_Requirement_
Report the count of lines below that include "nabH", without any other text.

_Input for this task_
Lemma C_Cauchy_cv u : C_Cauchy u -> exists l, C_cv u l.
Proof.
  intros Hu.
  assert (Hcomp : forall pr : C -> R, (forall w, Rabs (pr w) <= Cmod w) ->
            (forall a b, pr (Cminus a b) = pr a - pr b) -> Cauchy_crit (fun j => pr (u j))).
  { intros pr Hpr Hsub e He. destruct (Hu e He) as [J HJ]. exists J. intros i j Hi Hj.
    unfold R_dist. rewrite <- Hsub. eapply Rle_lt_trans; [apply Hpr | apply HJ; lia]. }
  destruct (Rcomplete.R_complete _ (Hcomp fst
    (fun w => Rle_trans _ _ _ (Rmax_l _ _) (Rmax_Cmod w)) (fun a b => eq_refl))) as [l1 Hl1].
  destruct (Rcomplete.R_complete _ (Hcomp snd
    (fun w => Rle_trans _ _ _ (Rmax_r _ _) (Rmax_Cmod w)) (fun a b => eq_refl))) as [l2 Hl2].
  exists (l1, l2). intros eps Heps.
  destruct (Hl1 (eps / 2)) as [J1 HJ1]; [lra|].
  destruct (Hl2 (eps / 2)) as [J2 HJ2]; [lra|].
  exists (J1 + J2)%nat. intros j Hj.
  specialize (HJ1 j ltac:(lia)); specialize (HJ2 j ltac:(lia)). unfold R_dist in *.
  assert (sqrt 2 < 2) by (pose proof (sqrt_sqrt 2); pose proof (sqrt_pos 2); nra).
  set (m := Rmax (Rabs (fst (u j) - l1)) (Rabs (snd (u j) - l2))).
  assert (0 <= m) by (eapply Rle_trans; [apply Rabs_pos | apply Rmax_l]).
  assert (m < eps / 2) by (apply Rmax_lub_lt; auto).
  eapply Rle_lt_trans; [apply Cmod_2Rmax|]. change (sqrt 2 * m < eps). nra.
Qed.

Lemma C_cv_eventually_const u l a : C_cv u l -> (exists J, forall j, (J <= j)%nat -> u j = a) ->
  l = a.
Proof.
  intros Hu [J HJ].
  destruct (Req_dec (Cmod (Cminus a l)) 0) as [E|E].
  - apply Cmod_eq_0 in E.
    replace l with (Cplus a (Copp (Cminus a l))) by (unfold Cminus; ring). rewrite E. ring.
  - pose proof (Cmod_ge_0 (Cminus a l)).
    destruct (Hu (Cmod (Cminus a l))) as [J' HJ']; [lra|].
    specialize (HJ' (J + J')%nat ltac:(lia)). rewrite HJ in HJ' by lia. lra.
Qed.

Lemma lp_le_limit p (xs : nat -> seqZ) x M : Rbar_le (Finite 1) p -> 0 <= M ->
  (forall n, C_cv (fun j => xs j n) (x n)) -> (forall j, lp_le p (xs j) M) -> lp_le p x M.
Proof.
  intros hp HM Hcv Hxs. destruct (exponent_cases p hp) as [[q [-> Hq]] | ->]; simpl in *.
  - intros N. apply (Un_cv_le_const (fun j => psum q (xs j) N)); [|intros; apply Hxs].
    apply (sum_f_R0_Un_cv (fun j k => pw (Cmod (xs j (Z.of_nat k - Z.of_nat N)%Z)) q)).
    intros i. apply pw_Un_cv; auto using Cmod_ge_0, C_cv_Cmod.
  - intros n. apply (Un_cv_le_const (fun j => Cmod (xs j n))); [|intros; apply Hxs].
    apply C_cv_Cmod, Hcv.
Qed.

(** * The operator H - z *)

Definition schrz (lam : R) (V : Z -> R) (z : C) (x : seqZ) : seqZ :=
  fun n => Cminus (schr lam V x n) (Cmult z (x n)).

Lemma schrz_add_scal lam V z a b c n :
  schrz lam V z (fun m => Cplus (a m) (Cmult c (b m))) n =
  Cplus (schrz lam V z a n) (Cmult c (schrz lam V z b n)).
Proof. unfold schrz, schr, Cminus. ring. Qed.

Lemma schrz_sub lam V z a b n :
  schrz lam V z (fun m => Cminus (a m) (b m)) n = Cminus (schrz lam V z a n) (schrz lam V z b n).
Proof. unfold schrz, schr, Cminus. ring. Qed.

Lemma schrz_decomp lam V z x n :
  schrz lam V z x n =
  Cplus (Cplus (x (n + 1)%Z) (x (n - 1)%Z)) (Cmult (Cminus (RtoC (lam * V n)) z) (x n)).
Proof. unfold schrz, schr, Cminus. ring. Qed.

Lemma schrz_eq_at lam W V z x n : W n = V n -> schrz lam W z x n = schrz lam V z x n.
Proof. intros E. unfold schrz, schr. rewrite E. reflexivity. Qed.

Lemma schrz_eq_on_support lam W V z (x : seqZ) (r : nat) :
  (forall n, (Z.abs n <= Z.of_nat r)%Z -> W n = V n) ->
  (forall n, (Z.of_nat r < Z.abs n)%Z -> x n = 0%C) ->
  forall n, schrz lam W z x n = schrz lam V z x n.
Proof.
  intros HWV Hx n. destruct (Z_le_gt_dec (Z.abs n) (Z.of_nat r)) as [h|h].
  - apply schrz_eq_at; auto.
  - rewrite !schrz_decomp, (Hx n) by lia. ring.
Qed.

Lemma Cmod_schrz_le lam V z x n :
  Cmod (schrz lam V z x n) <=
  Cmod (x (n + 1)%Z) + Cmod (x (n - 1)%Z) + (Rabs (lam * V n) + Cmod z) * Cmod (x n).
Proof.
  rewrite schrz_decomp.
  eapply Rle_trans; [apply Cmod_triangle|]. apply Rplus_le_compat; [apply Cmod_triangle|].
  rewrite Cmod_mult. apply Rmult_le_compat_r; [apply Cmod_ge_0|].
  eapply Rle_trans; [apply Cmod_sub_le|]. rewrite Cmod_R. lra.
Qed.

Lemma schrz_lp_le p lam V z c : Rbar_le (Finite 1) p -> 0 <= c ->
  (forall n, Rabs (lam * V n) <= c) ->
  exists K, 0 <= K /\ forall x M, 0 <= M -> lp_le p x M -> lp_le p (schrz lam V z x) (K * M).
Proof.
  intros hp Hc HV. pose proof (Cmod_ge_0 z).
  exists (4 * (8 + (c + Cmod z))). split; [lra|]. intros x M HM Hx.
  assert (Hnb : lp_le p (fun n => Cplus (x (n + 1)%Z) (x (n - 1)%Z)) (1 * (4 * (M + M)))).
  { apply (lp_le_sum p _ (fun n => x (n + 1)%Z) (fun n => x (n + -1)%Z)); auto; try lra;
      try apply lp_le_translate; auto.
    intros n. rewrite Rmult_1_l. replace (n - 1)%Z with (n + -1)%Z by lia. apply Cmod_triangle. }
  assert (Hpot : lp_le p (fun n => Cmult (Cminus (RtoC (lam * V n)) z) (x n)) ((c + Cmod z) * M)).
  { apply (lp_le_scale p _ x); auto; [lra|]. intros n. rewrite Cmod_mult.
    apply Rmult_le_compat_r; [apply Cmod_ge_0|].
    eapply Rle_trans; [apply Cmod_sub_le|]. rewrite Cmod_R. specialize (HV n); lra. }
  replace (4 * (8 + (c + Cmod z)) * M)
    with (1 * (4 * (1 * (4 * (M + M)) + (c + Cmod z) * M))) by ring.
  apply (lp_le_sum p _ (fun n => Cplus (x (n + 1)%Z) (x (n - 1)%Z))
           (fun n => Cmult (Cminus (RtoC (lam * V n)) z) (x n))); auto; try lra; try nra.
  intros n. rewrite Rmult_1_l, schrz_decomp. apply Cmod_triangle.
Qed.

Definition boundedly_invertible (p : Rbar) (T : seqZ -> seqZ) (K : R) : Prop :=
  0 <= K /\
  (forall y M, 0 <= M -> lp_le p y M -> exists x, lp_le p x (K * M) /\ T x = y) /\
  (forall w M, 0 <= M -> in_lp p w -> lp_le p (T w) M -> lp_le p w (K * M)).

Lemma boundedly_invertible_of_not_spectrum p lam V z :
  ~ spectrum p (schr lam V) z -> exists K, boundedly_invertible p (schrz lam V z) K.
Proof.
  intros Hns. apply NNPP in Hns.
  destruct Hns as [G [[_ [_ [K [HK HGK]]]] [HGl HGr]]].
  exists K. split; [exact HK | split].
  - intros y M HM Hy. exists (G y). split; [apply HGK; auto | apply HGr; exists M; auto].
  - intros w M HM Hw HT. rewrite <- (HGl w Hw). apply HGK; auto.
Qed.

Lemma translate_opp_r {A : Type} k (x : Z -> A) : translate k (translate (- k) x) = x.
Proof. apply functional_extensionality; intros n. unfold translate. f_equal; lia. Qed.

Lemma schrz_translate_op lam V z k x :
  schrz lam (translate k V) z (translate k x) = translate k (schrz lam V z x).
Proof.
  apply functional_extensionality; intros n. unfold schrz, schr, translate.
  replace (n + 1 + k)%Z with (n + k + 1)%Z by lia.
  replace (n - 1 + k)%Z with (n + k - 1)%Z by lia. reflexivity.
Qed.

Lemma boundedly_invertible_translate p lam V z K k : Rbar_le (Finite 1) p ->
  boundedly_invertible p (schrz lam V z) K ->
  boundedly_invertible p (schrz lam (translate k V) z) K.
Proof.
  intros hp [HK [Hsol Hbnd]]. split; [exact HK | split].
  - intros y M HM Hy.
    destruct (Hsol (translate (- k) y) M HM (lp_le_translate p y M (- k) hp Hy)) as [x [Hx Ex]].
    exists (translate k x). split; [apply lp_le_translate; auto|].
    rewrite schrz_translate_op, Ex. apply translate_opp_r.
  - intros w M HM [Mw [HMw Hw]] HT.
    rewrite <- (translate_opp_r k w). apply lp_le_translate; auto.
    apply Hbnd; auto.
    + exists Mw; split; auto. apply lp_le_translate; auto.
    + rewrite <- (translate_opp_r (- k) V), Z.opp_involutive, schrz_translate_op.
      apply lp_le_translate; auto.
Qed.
==
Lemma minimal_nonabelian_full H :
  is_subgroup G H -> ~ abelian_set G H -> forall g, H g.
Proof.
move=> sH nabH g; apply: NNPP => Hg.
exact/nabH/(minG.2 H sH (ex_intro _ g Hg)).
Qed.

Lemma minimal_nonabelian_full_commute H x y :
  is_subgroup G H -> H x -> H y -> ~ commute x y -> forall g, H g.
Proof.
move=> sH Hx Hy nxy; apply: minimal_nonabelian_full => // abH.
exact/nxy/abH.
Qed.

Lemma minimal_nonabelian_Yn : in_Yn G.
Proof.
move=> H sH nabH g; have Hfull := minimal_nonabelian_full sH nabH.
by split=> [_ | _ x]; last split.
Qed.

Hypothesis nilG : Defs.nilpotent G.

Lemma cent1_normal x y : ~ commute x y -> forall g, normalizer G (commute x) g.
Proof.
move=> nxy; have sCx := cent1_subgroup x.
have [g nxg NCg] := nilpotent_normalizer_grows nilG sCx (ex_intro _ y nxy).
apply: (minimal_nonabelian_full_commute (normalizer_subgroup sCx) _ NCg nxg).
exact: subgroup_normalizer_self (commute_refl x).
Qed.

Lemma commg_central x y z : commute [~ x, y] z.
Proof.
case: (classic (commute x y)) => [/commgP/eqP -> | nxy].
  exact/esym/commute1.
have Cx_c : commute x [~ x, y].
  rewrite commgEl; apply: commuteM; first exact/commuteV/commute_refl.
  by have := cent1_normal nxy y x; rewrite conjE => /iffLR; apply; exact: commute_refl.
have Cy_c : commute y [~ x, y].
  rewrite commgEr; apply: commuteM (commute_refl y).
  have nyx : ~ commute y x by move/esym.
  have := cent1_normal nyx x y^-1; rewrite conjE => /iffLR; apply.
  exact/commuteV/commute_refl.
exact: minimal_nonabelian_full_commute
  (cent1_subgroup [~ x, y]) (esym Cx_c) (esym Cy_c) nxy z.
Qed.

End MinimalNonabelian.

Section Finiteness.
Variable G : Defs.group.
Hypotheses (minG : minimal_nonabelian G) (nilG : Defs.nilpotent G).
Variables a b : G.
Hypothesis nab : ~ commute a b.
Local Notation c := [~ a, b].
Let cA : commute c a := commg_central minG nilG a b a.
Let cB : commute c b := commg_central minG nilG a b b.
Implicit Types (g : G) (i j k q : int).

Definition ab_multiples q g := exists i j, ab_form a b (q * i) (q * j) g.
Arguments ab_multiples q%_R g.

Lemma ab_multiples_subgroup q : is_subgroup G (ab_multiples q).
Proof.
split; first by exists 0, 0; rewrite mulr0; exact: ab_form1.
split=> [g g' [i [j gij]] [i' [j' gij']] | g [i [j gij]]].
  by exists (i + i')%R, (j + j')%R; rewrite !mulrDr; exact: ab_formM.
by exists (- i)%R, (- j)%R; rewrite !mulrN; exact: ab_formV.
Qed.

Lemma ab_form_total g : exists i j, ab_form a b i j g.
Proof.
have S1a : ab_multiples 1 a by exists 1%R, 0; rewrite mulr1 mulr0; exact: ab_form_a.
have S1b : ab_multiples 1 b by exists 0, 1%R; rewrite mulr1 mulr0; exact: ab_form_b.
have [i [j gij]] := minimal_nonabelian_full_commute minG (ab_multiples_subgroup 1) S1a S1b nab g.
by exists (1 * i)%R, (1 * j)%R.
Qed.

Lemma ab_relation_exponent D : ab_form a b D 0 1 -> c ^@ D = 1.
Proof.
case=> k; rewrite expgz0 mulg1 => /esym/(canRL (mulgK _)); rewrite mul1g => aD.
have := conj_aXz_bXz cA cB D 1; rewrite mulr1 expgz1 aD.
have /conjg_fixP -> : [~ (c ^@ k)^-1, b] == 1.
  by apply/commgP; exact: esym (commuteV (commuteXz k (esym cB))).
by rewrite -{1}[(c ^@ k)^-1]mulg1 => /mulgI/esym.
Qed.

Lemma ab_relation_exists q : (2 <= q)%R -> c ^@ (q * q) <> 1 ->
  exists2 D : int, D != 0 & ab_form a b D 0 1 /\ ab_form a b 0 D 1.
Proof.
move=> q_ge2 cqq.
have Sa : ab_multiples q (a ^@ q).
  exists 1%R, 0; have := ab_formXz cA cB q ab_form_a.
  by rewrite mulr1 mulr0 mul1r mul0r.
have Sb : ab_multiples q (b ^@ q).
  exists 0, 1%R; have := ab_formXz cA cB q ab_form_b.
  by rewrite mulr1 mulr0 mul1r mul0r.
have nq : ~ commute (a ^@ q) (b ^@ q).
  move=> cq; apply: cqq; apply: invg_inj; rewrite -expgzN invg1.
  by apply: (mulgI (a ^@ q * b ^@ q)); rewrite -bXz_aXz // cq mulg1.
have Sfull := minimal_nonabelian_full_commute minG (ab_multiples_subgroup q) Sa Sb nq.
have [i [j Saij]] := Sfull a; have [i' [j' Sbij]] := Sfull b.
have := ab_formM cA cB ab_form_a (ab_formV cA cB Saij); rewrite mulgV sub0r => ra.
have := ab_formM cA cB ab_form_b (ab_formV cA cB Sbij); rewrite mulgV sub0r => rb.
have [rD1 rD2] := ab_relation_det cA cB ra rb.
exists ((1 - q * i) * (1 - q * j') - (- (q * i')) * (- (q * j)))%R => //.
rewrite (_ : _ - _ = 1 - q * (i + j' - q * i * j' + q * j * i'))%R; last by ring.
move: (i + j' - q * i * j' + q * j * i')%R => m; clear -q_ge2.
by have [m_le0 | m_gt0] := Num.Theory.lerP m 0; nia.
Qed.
...
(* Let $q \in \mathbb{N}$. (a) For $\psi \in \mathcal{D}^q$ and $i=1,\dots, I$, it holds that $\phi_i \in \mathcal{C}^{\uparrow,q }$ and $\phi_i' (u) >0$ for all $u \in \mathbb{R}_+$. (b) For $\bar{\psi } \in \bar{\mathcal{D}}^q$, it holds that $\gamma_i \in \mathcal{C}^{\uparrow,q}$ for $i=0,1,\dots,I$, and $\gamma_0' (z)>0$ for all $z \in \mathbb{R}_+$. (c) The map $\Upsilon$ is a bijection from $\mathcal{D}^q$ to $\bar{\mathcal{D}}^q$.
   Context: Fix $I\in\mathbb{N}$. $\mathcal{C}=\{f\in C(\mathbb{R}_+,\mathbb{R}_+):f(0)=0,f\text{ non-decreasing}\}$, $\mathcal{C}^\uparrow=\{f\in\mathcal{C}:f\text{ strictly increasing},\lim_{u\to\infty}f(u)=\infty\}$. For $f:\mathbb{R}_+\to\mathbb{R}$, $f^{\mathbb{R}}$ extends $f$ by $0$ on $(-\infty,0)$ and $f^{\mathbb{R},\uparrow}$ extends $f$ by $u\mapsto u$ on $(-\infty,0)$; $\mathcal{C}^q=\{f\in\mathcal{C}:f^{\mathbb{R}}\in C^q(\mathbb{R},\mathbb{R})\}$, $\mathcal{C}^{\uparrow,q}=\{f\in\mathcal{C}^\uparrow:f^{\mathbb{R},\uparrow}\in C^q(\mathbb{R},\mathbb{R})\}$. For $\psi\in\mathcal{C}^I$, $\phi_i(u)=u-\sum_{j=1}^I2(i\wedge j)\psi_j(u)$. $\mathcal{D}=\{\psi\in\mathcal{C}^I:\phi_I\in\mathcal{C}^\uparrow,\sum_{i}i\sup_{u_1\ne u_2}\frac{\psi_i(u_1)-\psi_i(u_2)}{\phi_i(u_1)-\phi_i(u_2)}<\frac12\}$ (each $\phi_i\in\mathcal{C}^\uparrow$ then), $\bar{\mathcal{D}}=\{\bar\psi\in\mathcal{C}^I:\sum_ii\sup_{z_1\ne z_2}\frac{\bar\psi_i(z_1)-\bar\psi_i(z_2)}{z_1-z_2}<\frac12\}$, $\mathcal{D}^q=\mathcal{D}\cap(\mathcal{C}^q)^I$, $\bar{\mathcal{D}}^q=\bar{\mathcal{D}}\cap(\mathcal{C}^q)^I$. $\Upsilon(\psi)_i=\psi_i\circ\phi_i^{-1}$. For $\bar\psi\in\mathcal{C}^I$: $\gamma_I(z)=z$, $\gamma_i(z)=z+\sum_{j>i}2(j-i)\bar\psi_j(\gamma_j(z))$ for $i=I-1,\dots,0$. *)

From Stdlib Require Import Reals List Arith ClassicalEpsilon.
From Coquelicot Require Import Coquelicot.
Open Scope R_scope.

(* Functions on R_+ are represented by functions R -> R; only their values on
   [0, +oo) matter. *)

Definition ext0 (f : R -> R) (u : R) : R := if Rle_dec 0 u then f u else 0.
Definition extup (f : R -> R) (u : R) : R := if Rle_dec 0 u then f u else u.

_Task response_
3